Monitor public and Ceph private network from Proxmox hosts with Icinga
Several times, I have been tripped up by the 2.5G USB3 network dongles not connecting properly in my Proxmox Virtual Environment cluster, affecting performance. To combat this, I have added checks to my Icinga monitoring so all ProxmoxVE hosts now monitor (via ping) all other ProxmoxVE hosts via both their “normal” (1G) network connection and the Ceph-private (2.5G) networks. This was interesting to write, as it turned out to be relatively complicated to append -ceph to the hostname portion of the Icinga Host name (which, as recommended by Icinga’s documentation, are the fully-qualified host names).
For context, the -ceph hostnames (for the Ceph private network addresses) are in /etc/hosts on each of the Proxmox hosts. Those network dongles are plugged into a 2.5G unmanaged switch that has no other devices attached (it is dedicated for the internal Ceph private network).

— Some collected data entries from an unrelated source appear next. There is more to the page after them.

(* Let $t \geq 1$ and $N \geq 2t+1$ be integers, and let $G$ be a graph with no isolated vertices, $e(G)=N$, $\Delta(G) = N-t > \frac{N}{2}$, and $e(L(G)) = f(N,N-t)$. Then $f(N,N-t) = \binom{N-t}{2} + \binom{t+2}{2} - 1$, and $G$ is one of the following: (1) the graph $Q(N,t)$: $G$ contains two adjacent vertices $u$ and $v$ with $\deg(u) = N-t$ and $\deg(v) = t+1$, such that all $t$ neighbours of $v$ other than $u$ are also neighbours of $u$ (so $G$ consists of the star centred at $u$ with $N-t$ leaves together with $t$ edges joining $v$ to $t$ other leaves of this star); (2) only when $t=3$, the graph $Q^*(N,3)$: the star centred at a vertex $u$ with $N-3$ leaves together with a triangle on three of these leaves.
   Context: All graphs are finite and simple; $L(G)$ is the line graph of $G$; $e(\cdot)$, $\Delta(\cdot)$, $\delta(\cdot)$ denote number of edges, maximum degree and minimum degree. For integers $N \ge \Delta \ge 1$, $f(N,\Delta) = \max\{ e(L(G)) : e(G)=N, \Delta(G)=\Delta, \delta(G)\geq 1\}$, the maximum over all simple graphs $G$. *)

From mathcomp Require Import all_boot.
Set Implicit Arguments. Unset Strict Implicit. Unset Printing Implicit Defensive.

Definition simple_graph (T : finType) (g : rel T) : Prop :=
  symmetric g /\ irreflexive g.

Definition edge_set (T : finType) (g : rel T) : {set {set T}} :=
  [set [set p.1; p.2] | p in [pred p : T * T | g p.1 p.2]].

Definition nedges (T : finType) (g : rel T) : nat := #|edge_set g|.

Definition deg (T : finType) (g : rel T) (x : T) : nat := #|[set y | g x y]|.
Definition maxdeg (T : finType) (g : rel T) : nat := \max_(x : T) deg g x.

Definition line_rel (T : finType) (g : rel T) : rel {set T} :=
  fun a b => [&& a \in edge_set g, b \in edge_set g, a != b & (a :&: b != set0)].

Definition nLedges (T : finType) (g : rel T) : nat := nedges (line_rel g).

Definition admissible (N D : nat) (T : finType) (g : rel T) : Prop :=
  simple_graph g /\ nedges g = N /\ maxdeg g = D /\ (forall x : T, 0 < deg g x).

(* is_f N D m  :<->  m = f(N,D), i.e. m is the maximum of e(L(G)) over all
   admissible finite simple graphs G. *)
Definition is_f (N D m : nat) : Prop :=
  (exists (T : finType) (g : rel T), admissible N D g /\ nLedges g = m) /\
  (forall (T : finType) (g : rel T), admissible N D g -> nLedges g <= m).

Definition is_Q (N t : nat) (T : finType) (g : rel T) : Prop :=
  exists u v : T, [/\ g u v, deg g u = N - t, deg g v = t.+1 &
    forall w, g v w -> w != u -> g u w].
(* Let $X$ be a Banach space with a normalized $1$-unconditional basis $(e_i)_i$ not equivalent to the standard basis of $c_0$, let $q\le p$ in $[1,\infty]$, $q<\infty$, be such that $X$ satisfies lower $p$ and upper $q$ estimates on block sequences with constant one, and let $X_k=\mathrm{span}\{e_1,\dots,e_k\}$. Fix $d\in\mathbb{N}$ and $0<\varepsilon\le1$. Let $P\subseteq\mathbb{N}$ and $M=\{k_j\}_{j=1}^\infty\subseteq\mathbb{N}$ satisfy Assumption $A(d,\varepsilon/4)$. Then for all $\bar m\in[\{k_{2j}\}_{j=1}^\infty]^d$, all $k\in\{k_{2j}\}_{j=1}^\infty$ with $k>m_d$, and all step preserving maps $F\colon S^+_{\ell_\infty^k}\to S^+_{X_k}$ with $\omega_F(\tfrac1d)\le\tfrac\varepsilon8$, we have \[\Big\|F(z(\bar m))-\frac1{\psi(k)}\sum_{i=1}^ke_i\Big\|_X\le\varepsilon.\]
   Context: Identify $X_k$ with $\mathbb{R}^k$ via $(e_i)$; $1_A=\sum_{i\in A}e_i$, $1_{(a,b]}=1_{\{i:a<i\le b\}}$. $S^+_{\ell_\infty^k}=\{x\in\mathbb{R}^k:\|x\|_\infty=1,x_i\ge0\}$, $S^+_{X_k}=\{\sum_{i\le k}a_ie_i:\|\cdot\|_X=1,a_i\ge0\}$. $\psi(k)=\|1_{[1,k]}\|_X$; $\psi_P(k)=\min\{\|1_{[1,k]\cap P}\|_X,\|1_{[1,k]\cap P^c}\|_X\}$. Lower $p$/upper $q$ estimates with constant one: $(\sum\|x_i\|^p)^{1/p}\le\|\sum x_i\|\le(\sum\|x_i\|^q)^{1/q}$ for every block sequence. Assumption $A(d,\varepsilon)$ for $P$ and $M=\{k_j\}$ ($k_1<k_2<\cdots$): (i) $\psi_P(k)\ge\frac12(\psi(k)-1)$ for all $k$; (ii) $(k_j,k_{j+1}]$ meets both $P$ and $P^c$ for all $j$; (iii) $\psi(k_{j+1})\ge(\frac{8d^{1/q-1/p}}{\varepsilon}+2)\psi(k_j)+1$. $[S]^d$ denotes increasing $d$-tuples from $S$; with $m_0=0$, $z(\bar m)=\sum_{s=1}^d(1-\frac{s-1}{d})1_{(m_{s-1},m_s]}$. $F=(F_i)$ is step preserving if $x_i=x_j$ implies $F_i(x)=F_j(x)$. $\omega_F(t)=\sup\{\|F(x)-F(y)\|_X:\|x-y\|_\infty\le t\}$. *)

From HB Require Import structures.
From mathcomp Require Import all_boot all_order all_algebra.
From mathcomp Require Import all_classical all_reals.
From mathcomp Require Import exp.
Set Implicit Arguments. Unset Strict Implicit. Unset Printing Implicit Defensive.
Import Order.TTheory GRing.Theory Num.Theory.
Local Open Scope ring_scope.
Lemma rhoD4_orth : rhoD4 R *m (rhoD4 R)^T = 1%:M.
Proof. entrywise. Qed.

Lemma conjm_mu :
  {in wd4, forall c, conjm (muD4 R) (spmx R c) = spmx R (extend mu_g1 mu_g2 c)}.
Proof.
have [mU _] := mulmx1_unit muD4_orth.
by apply: conjm_extend => //; entrywise.
Qed.

Lemma conjm_rho :
  {in wd4, forall c, conjm (rhoD4 R) (spmx R c) = spmx R (extend rho_g1 rho_g2 c)}.
Proof.
have [mU _] := mulmx1_unit rhoD4_orth.
by apply: conjm_extend => //; entrywise.
Qed.

End Triality.

Theorem proposition5p3 (R : realFieldType) (f : 'M[R]_4 -> 'M[R]_4) :
  trialitarian f ->
  conj_in_Aut f (conjm (muD4 R)) \/ conj_in_Aut f (conjm (rhoD4 R)).
Proof.
case/trialitarian_gens => u [v [hu hv tuv hf]].
have hW c : c \in wd4 -> extend u v c \in wd4 by move=> _; exact: extend_wd4.
have [s hs /orP[hmu | hrho]] := trial_gens_conj hu hv tuv.
- by left; apply: conj_in_Aut_of_conj_to hs hW hf (@conjm_mu R) hmu.
- by right; apply: conj_in_Aut_of_conj_to hs hW hf (@conjm_rho R) hrho.
Qed.
(* Let $\{p_{(R,\alpha)}(\mathbf{x})\}_{(R,\alpha)}$, $\delta\in[0,\varepsilon)$, be a family of replacement rules, each satisfying the Fixation Axiom, that satisfies Assumption 2, and let $\nu\in(0,1)$. Then: (a) $\rho_A$, $\rho_a$, and $\pi_{\mathrm{RMC}}(\mathbf{x})$ for each $\mathbf{x}\in\{0,1\}^G\setminus\{\mathbf{a},\mathbf{A}\}$ are smooth functions of $\delta\in[0,\varepsilon)$; (b) for each $\mathbf{x}\in\{0,1\}^G$, $\pi_{\mathrm{MSS}}(\mathbf{x})$ (defined for $u\in(0,1]$) extends uniquely to a smooth function of $(u,\delta)\in[0,1]\times[0,\varepsilon)$; (c) for each $\mathbf{x}\in\{0,1\}^G\setminus\{\mathbf{a},\mathbf{A}\}$, $\mathbb{P}_{\mathrm{MSS}}[\mathbf{X}=\mathbf{x}\mid\mathbf{X}\notin\{\mathbf{a},\mathbf{A}\}]$ extends uniquely to a smooth function of $(u,\delta)\in[0,1]\times[0,\varepsilon)$.
   Context: Setting. $G$ is a finite nonempty set of genetic sites. A state is $\mathbf{x}\in\{0,1\}^G$; $\mathbf{1}_S$ has $x_g=1$ iff $g\in S$; $\mathbf{a}=\mathbf{1}_\emptyset$, $\mathbf{A}=\mathbf{1}_G$. A replacement event is $(R,\alpha)$ with $R\subseteq G$, $\alpha:R\to G$; a replacement rule gives for each state a probability distribution $\{p_{(R,\alpha)}(\mathbf{x})\}$ over events. With mutation probability $u\in[0,1]$ and bias $\nu\in(0,1)$, the evolutionary Markov chain moves from $\mathbf{x}$: draw $(R,\alpha)$ with probability $p_{(R,\alpha)}(\mathbf{x})$; independently for $g\in R$, $x'_g=x_{\alpha(g)}$ w.p. $1-u$, $x'_g=1$ w.p. $u\nu$, $x'_g=0$ w.p. $u(1-\nu)$; $x'_g=x_g$ for $g\notin R$. Fixation Axiom: there exist $g\in G$, $m\ge1$, events $(R_k,\alpha_k)_{k=1}^m$ with $p_{(R_k,\alpha_k)}(\mathbf{x})>0$ for all $k,\mathbf{x}$, $g\in R_k$ for some $k$, and $\tilde\alpha_1\circ\cdots\circ\tilde\alpha_m(h)=g$ for all $h$, where $\tilde\alpha_k$ equals $\alpha_k$ on $R_k$ and the identity elsewhere. $e_{gh}(\mathbf{x})=\sum_{(R,\alpha):h\in R,\alpha(h)=g}p_{(R,\alpha)}(\mathbf{x})$, $b_g=\sum_he_{gh}$, $d_g=\sum_he_{hg}$, $b=\sum_gb_g$. Fixation probabilities (at $u=0$): $\mu_A(\mathbf{1}_{\{g\}})=d_g(\mathbf{a})/b(\mathbf{a})$ (zero elsewhere), $\mu_a(\mathbf{1}_{G\setminus\{g\}})=d_g(\mathbf{A})/b(\mathbf{A})$ (zero elsewhere), $\rho_A=\sum_\mathbf{x}\mu_A(\mathbf{x})\lim_tP^{(t)}_{\mathbf{x}\to\mathbf{A}}$, $\rho_a=\sum_\mathbf{x}\mu_a(\mathbf{x})\lim_tP^{(t)}_{\mathbf{x}\to\mathbf{a}}$. For $u>0$, $\pi_{\mathrm{MSS}}$ is the unique stationary distribution (probability $\mathbb{P}_{\mathrm{MSS}}$, random state $\mathbf{X}$); $\pi_{\mathrm{RMC}}(\mathbf{x})=\lim_{u\to0}\pi_{\mathrm{MSS}}(\mathbf{x})/(1-\pi_{\mathrm{MSS}}(\mathbf{a})-\pi_{\mathrm{MSS}}(\mathbf{A}))$ for $\mathbf{x}\notin\{\mathbf{a},\mathbf{A}\}$. Assumption 2 (weak selection): for each event, $p_{(R,\alpha)}(\mathbf{x})$ varies smoothly with $\delta\in[0,\varepsilon)$ for each state $\mathbf{x}$, and at $\delta=0$ it is independent of $\mathbf{x}$. *)

From HB Require Import structures.
From mathcomp Require Import all_boot all_order all_algebra.
From mathcomp Require Import all_classical all_reals all_analysis.
Set Implicit Arguments. Unset Strict Implicit. Unset Printing Implicit Defensive.
Import Order.TTheory GRing.Theory Num.Theory.
Import numFieldNormedType.Exports.
Local Open Scope classical_set_scope.
Local Open Scope ring_scope.

Section Model.
Variable G : finType.

Definition state := {ffun G -> bool}.
Definition ind (S : {set G}) : state := [ffun g => g \in S].
Definition st_a : state := ind finset.set0.
Definition st_A : state := ind [set: G].

(* A replacement event (R, alpha), R ⊆ G, alpha : R -> G, encoded as
   e : G -> option G with R = {g | e g <> None} and alpha g = the value. *)
Definition event := {ffun G -> option G}.
Definition evR (e : event) : {set G} := [set g | e g != None].
Definition alpha_tilde (e : event) (h : G) : G :=
  if e h is Some g then g else h.
Definition comp_tilde (s : seq event) : G -> G :=
  foldr (fun e f => alpha_tilde e \o f) id s.

Variable R : realType.

Definition rule := event -> state -> R.

Definition is_rule (p : rule) : Prop :=
  forall x, (forall e, 0 <= p e x) /\ \sum_(e : event) p e x = 1.

Definition fixation_axiom (p : rule) : Prop :=
  exists g : G, exists s : seq event,
    s != [::] /\
    (forall e, e \in s -> forall x, 0 < p e x) /\
    (exists2 e, e \in s & g \in evR e) /\
    (forall h, comp_tilde s h = g).

Definition e_gh (p : rule) (g h : G) (x : state) : R :=
  \sum_(e : event | e h == Some g) p e x.
Definition b_g (p : rule) g x : R := \sum_(h : G) e_gh p g h x.
Definition d_g (p : rule) g x : R := \sum_(h : G) e_gh p h g x.
Definition b_tot (p : rule) x : R := \sum_(g : G) b_g p g x.

(* one-site update probability: site g in R copying from alpha(g) = i *)
Definition site_prob (u nu : R) (xi : bool) (b : bool) : R :=
  (1 - u) * (xi == b)%:R + u * nu * b%:R + u * (1 - nu) * (~~ b)%:R.

Definition trans (p : rule) (u nu : R) (x y : state) : R :=
  \sum_(e : event) p e x *
    \prod_(g : G) (if e g is Some i then site_prob u nu (x i) (y g)
                   else (x g == y g)%:R).

Fixpoint trans_t (p : rule) (u nu : R) (t : nat) (x y : state) : R :=
  if t is t'.+1 then \sum_(z : state) trans_t p u nu t' x z * trans p u nu z y
  else (x == y)%:R.

Definition mu_A (p : rule) (x : state) : R :=
  \sum_(g : G) (x == ind [set g])%:R * (d_g p g st_a / b_tot p st_a).
Definition mu_a (p : rule) (x : state) : R :=
  \sum_(g : G) (x == ind (~: [set g]))%:R * (d_g p g st_A / b_tot p st_A).
Definition rho_A (p : rule) (nu : R) : R :=
  \sum_(x : state) mu_A p x * limn (fun t => trans_t p 0 nu t x st_A).
Definition rho_a (p : rule) (nu : R) : R :=
  \sum_(x : state) mu_a p x * limn (fun t => trans_t p 0 nu t x st_a).

Definition stationary (p : rule) (u nu : R) (pi : state -> R) : Prop :=
  (forall x, 0 <= pi x) /\ \sum_(x : state) pi x = 1 /\
  (forall y, \sum_(x : state) pi x * trans p u nu x y = pi y).

End Model.

Section Smooth.
Variable R : realType.

Definition smooth_on_Ico (eps : R) (f : R -> R) : Prop :=
  exists U : set R, open U /\ `[0, eps[%classic `<=` U /\
  exists D : nat -> R -> R,
    (forall d, 0 <= d < eps -> D 0%N d = f d) /\
    (forall n d, U d -> is_derive d 1 (D n) (D n.+1 d)).

Definition dom2 (eps : R) : set (R * R) :=
  [set z | 0 <= z.1 <= 1 /\ 0 <= z.2 < eps].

The final configuration I came up with was this, note that I had to split the name on . then remove the first item (as there is no way to select a slice of an array) before rejoining (because there is no way to limit the number of parts split splits into):
// Ping all proxmox hosts
apply Service "ping-" for (target in get_objects(Host).filter((host) => host.vars.services && "proxmox-ve" in host.vars.services).map((host) => host.name)) {
import "generic-service"
check_command = "ping"
command_endpoint = host.name
vars.ping_address = target
assign where host.vars.services && "proxmox-ve" in host.vars.services
}
// Ping all proxmox hosts' ceph private network interfaces
apply Service "ping-ceph-" for (target in get_objects(Host).filter((host) => host.vars.services && "proxmox-ve" in host.vars.services).map((host) => host.name)) {
import "generic-service"
check_command = "ping"
command_endpoint = host.name
// Extract the domain from the host's FQDN
var domain_parts = target.split(".")
domain_parts.remove(0)
var domain = domain_parts.join(".")
vars.ping_address = target.split(".")[0] + "-ceph." + domain
assign where host.vars.services && "proxmox-ve" in host.vars.services
}
The hosts already had a vars.services array listing some of the services on them (e.g. hashicorp-vault to monitor my Hashicorp Vault cluster), so I just added proxmox-ve to them and the all automatically got these checks to start checking all of the hosts with that service.